[Stored data]
(* Twisting ['chi_i] by a linear character that moves [B] yields a faithful character. *)
Lemma cyclic_center_min_normals2 (B : {group gT}) (i : Iirr H) :
  min_normals H \subset [set (H^`(1))%G; B] -> ~~ (D \subset cfker 'chi[H]_i) ->
  B \subset cfker 'chi[H]_i -> ~~ (B \subset D) -> cyclic 'Z(H).
Proof.
move=> mnDB nsDi sBi nsBD.
have [l /andP[sDl nsBl]] := irr_cfker_separates (der_normal 1 H) nsBD.
have [k [chik1 kerk]] := mul_lin_irr_cfker i sDl.
apply: (@irr_faithful_center _ _ k); rewrite cfaithfulE subG1.
apply: contraNT nsBl => ntk.
have [N minN sNk] := min_normals_exists ntk (cfker_normal 'chi_k).
have := subsetP mnDB _ minN; rewrite !inE => /orP[/eqP eqND|/eqP eqNB].
  have nsDk : ~~ (D \subset cfker 'chi_k) by rewrite -irr1_gt1_der1 chik1 irr1_gt1_der1.
  by case/negP: nsDk; rewrite -[D]/(gval (H^`(1))%G) -eqND.
apply: subset_trans (subsetIr (cfker 'chi_i) _).
by rewrite kerk subsetI sBi -eqNB.
Qed.

Section Kernels.

Variables i j : Iirr H.
Hypotheses (nsDi : ~~ (D \subset cfker 'chi[H]_i)) (nsDj : ~~ (D \subset cfker 'chi[H]_j)).
Hypotheses (nsij : ~~ (cfker 'chi[H]_i \subset cfker 'chi[H]_j))
           (nsji : ~~ (cfker 'chi[H]_j \subset cfker 'chi[H]_i)).

Let ntker_i : cfker 'chi[H]_i != 1%g.
Proof. by apply: contra nsij => /eqP ->; apply: sub1G. Qed.

Let ntker_j : cfker 'chi[H]_j != 1%g.
Proof. by apply: contra nsji => /eqP ->; apply: sub1G. Qed.

Lemma noncomparable_card_min_normals_gt1 :
  cfker 'chi[H]_i :&: cfker 'chi[H]_j :&: D = 1%g -> (1 < #|min_normals H|)%N.
Proof.
move=> tiKKD; have ntD : D != 1%g by apply: contra nsDi => /eqP ->; apply: sub1G.
have nsKD (k : Iirr H) : (cfker 'chi_k :&: D)%G <| H by rewrite normalI ?cfker_normal ?der_normal.
have [tiKiD|ntKiD] := eqVneq (cfker 'chi_i :&: D) 1%g.
  exact: card_min_normals_gt1 (cfker_normal _) (der_normal 1 H) ntker_i ntD tiKiD.
have [tiKjD|ntKjD] := eqVneq (cfker 'chi_j :&: D) 1%g.
  exact: card_min_normals_gt1 (cfker_normal _) (der_normal 1 H) ntker_j ntD tiKjD.
apply: card_min_normals_gt1 (nsKD i) (nsKD j) ntKiD ntKjD _.
by rewrite /= setIACA setIid.
Qed.

Lemma noncomparable_card_min_normals_gt2 : minnormal D H -> (2 < #|min_normals H|)%N.
Proof.
move=> minD; rewrite ltnNge; apply/negP => mn_le2.
have tiKD (k : Iirr H) : ~~ (D \subset cfker 'chi_k) -> cfker 'chi_k :&: D = 1%g.
  by move=> nsDk; apply/eqP; apply: contraNT nsDk; apply: minnormal_sub_normalI minD (cfker_normal _).
have [B minB sBi] := min_normals_exists ntker_i (cfker_normal 'chi_i).
have nsBD : ~~ (B \subset D).
  apply: contra (min_normals_nt minB) => sBD.
  by rewrite -subG1 -(tiKD i nsDi) subsetI sBi.
have mnDB : min_normals H \subset [set (H^`(1))%G; B].
  have neDB : (H^`(1))%G != B by apply: contraNneq nsBD => <-.
  have minD' : (H^`(1))%G \in min_normals H by rewrite minnormal_min_normals ?der_sub.
  have sDBmn : [set (H^`(1))%G; B] \subset min_normals H.
    by apply/subsetP => N /set2P[]->.
  suff -> : min_normals H = [set (H^`(1))%G; B] by apply: subxx.
  by apply/esym/eqP; rewrite eqEcard sDBmn cards2 neDB.
have cycZ := cyclic_center_min_normals2 mnDB nsDi sBi nsBD.
have sKZ (k : Iirr H) (nsDk : ~~ (D \subset cfker 'chi_k)) :=
  sub_center_trivI_der1 (cfker_normal 'chi_k) (tiKD k nsDk).
have pK (k : Iirr H) (nsDk : ~~ (D \subset cfker 'chi_k)) :=
  pgroup_trivI_der1 mnDB (cfker_normal 'chi_k) (tiKD k nsDk).
have := cyclic_pgroup_sub_total cycZ (sKZ i nsDi) (sKZ j nsDj) (pK i nsDi) (pK j nsDj).
by rewrite (negbTE nsij) (negbTE nsji).
Qed.

End Kernels.

End NoncomparableKernels.

Section Quotient.

Local Open Scope ring_scope.
Local Open Scope group_scope.
Variables (gT : finGroupType) (G M : {group gT}).
Hypothesis nsMG : M <| G.

Lemma chief_factor_der1E :
  M \subset G^`(1) -> chief_factor G M G^`(1) = minnormal (G / M)^`(1) (G / M).
Proof.
move=> sMD; have nMG := normal_norm nsMG.
have nsMD : M <| G^`(1) := normalS sMD (der_sub 1 G) nsMG.
rewrite -quotient_der //; apply/idP/idP => [/chief_factor_minnormal //|minDM].
by rewrite /chief_factor der_normal andbT; apply: minnormal_maxnormal.
Qed.

Lemma nonlinear_kernels_chain_quotient :
  nonlinear_kernels_chain G -> nonlinear_kernels_chain (G / M).
Proof.
move=> chainG i j gt1i gt1j.
have kerE (k : Iirr (G / M)) : cfker 'chi_k = cfker 'chi_(mod_Iirr k) / M.
  by rewrite mod_IirrE // (@quotient_cfker_mod _ _ set0).
have := @chainG (mod_Iirr i) (mod_Iirr j); rewrite !mod_IirrE // !cfMod1.
by move=> /(_ gt1i gt1j) /orP[] /(quotientS M); rewrite -!mod_IirrE // -!kerE => ->; rewrite ?orbT.
Qed.

Lemma noncomparable_card_min_normals_quotient (i j : Iirr G) :
  M \subset cfker 'chi_i :&: cfker 'chi_j ->
  cfker 'chi_i :&: cfker 'chi_j :&: G^`(1) \subset M ->
  ~~ (G^`(1) \subset cfker 'chi_i) -> ~~ (G^`(1) \subset cfker 'chi_j) ->
  ~~ (cfker 'chi_i \subset cfker 'chi_j) -> ~~ (cfker 'chi_j \subset cfker 'chi_i) ->
  (1 < #|min_normals (G / M)|)%N /\
  (minnormal (G / M)^`(1) (G / M) -> (2 < #|min_normals (G / M)|)%N).
Proof.
move=> sMij sIM nsDi nsDj nsij nsji; have nMG := normal_norm nsMG.
have [sMi sMj] : M \subset cfker 'chi_i /\ M \subset cfker 'chi_j.
  by apply/andP; rewrite -subsetI.
have nKM (k : Iirr G) : cfker 'chi_k \subset 'N(M) := subset_trans (cfker_sub _) nMG.
have nDM : G^`(1) \subset 'N(M) := subset_trans (der_sub 1 G) nMG.
have kerE (k : Iirr G) : M \subset cfker 'chi_k ->
    cfker 'chi_(quo_Iirr M k) = cfker 'chi_k / M.
  by move=> sMk; rewrite quo_IirrE // cfker_quo.
have nsDq (k : Iirr G) : M \subset cfker 'chi_k -> ~~ (G^`(1) \subset cfker 'chi_k) ->
    ~~ ((G / M)^`(1) \subset cfker 'chi_(quo_Iirr M k)).
  by move=> sMk; rewrite kerE // -quotient_der // quotientSGK.
have nsKq (k l : Iirr G) : M \subset cfker 'chi_k -> M \subset cfker 'chi_l ->
    ~~ (cfker 'chi_k \subset cfker 'chi_l) ->
    ~~ (cfker 'chi_(quo_Iirr M k) \subset cfker 'chi_(quo_Iirr M l)).
  by move=> sMk sMl; rewrite !kerE // quotientSGK.
have tiq : cfker 'chi_(quo_Iirr M i) :&: cfker 'chi_(quo_Iirr M j) :&: (G / M)^`(1) = 1.
  rewrite !kerE // -quotient_der // -quotientGI // -quotientGI; last by rewrite subsetI sMi sMj.
  by apply/trivgP; rewrite quotient_sub1 // subIset ?nDM ?orbT.
split.
- exact: noncomparable_card_min_normals_gt1 (nsDq i sMi nsDi)
    (nsKq i j sMi sMj nsij) (nsKq j i sMj sMi nsji) tiq.
- exact: noncomparable_card_min_normals_gt2 (nsDq i sMi nsDi) (nsDq j sMj nsDj)
    (nsKq i j sMi sMj nsij) (nsKq j i sMj sMi nsji).
Qed.

End Quotient.

Theorem theorem1p2 (gT : finGroupType) (G : {group gT}) :
  (forall i j : Iirr G,
      (1 < 'chi[G]_i 1%g)%R -> (1 < 'chi[G]_j 1%g)%R ->
      (cfker ('chi[G]_i)%R \subset cfker ('chi[G]_j)%R) ||
      (cfker ('chi[G]_j)%R \subset cfker ('chi[G]_i)%R))
  <->
  (forall M : {group gT}, (M <| G)%g -> (M \proper G^`(1))%g ->
      (~~ chief_factor G M G^`(1)%g /\ #|min_normals (G / M)%g| = 1%N)
      \/ (chief_factor G M G^`(1)%g /\ (#|min_normals (G / M)%g| <= 2)%N)).
Proof.
split=> [chainG M nsMG ltMD | minnormalsG i j gt1i gt1j].
  have sMD := proper_sub ltMD.
  have nsMD := normalS sMD (der_sub 1 G) nsMG.
  have ntD : ((G / M)^`(1) != 1)%g by rewrite -quotient_der ?normal_norm // quotient_neq1.
  have chainGM := nonlinear_kernels_chain_quotient nsMG chainG.
  rewrite chief_factor_der1E //.
  have [minD|nminD] := boolP (minnormal _ _); [right | left]; split=> //.
  - exact: chain_card_min_normals_le2.
  - exact: chain_card_min_normals_eq1.
apply/negPn/negP; rewrite negb_or => /andP[nsij nsji].
rewrite !irr1_gt1_der1 in gt1i gt1j.
pose M := (cfker ('chi_i)%R :&: cfker ('chi_j)%R :&: G^`(1))%G.
have nsMG : (M <| G)%g by rewrite /= !normalI ?cfker_normal ?der_normal.
have sMD : (M \subset G^`(1))%g by apply: subsetIr.
have ltMD : (M \proper G^`(1))%g.
  rewrite properE sMD /=; apply: contra gt1i => /subset_trans; apply.
  by rewrite -setIA subsetIl.
have [gt1 gt2] := noncomparable_card_min_normals_quotient nsMG
  (subsetIl _ _) (subxx _) gt1i gt1j nsij nsji.
case: (minnormalsG M nsMG ltMD); rewrite chief_factor_der1E // => -[minD cardM].
  by rewrite cardM in gt1.
by have := leq_ltn_trans cardM (gt2 minD); rewrite ltnn.
Qed.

-- Exercise instructions --
Of the entries above, transcribe exactly those lines that fall between the line containing "have nsKq (k" and the line containing "sMi nsji) tiq.", together with those two lines.

-- Finished exercise --
have nsKq (k l : Iirr G) : M \subset cfker 'chi_k -> M \subset cfker 'chi_l ->
    ~~ (cfker 'chi_k \subset cfker 'chi_l) ->
    ~~ (cfker 'chi_(quo_Iirr M k) \subset cfker 'chi_(quo_Iirr M l)).
  by move=> sMk sMl; rewrite !kerE // quotientSGK.
have tiq : cfker 'chi_(quo_Iirr M i) :&: cfker 'chi_(quo_Iirr M j) :&: (G / M)^`(1) = 1.
  rewrite !kerE // -quotient_der // -quotientGI // -quotientGI; last by rewrite subsetI sMi sMj.
  by apply/trivgP; rewrite quotient_sub1 // subIset ?nDM ?orbT.
split.
- exact: noncomparable_card_min_normals_gt1 (nsDq i sMi nsDi)
    (nsKq i j sMi sMj nsij) (nsKq j i sMj sMi nsji) tiq.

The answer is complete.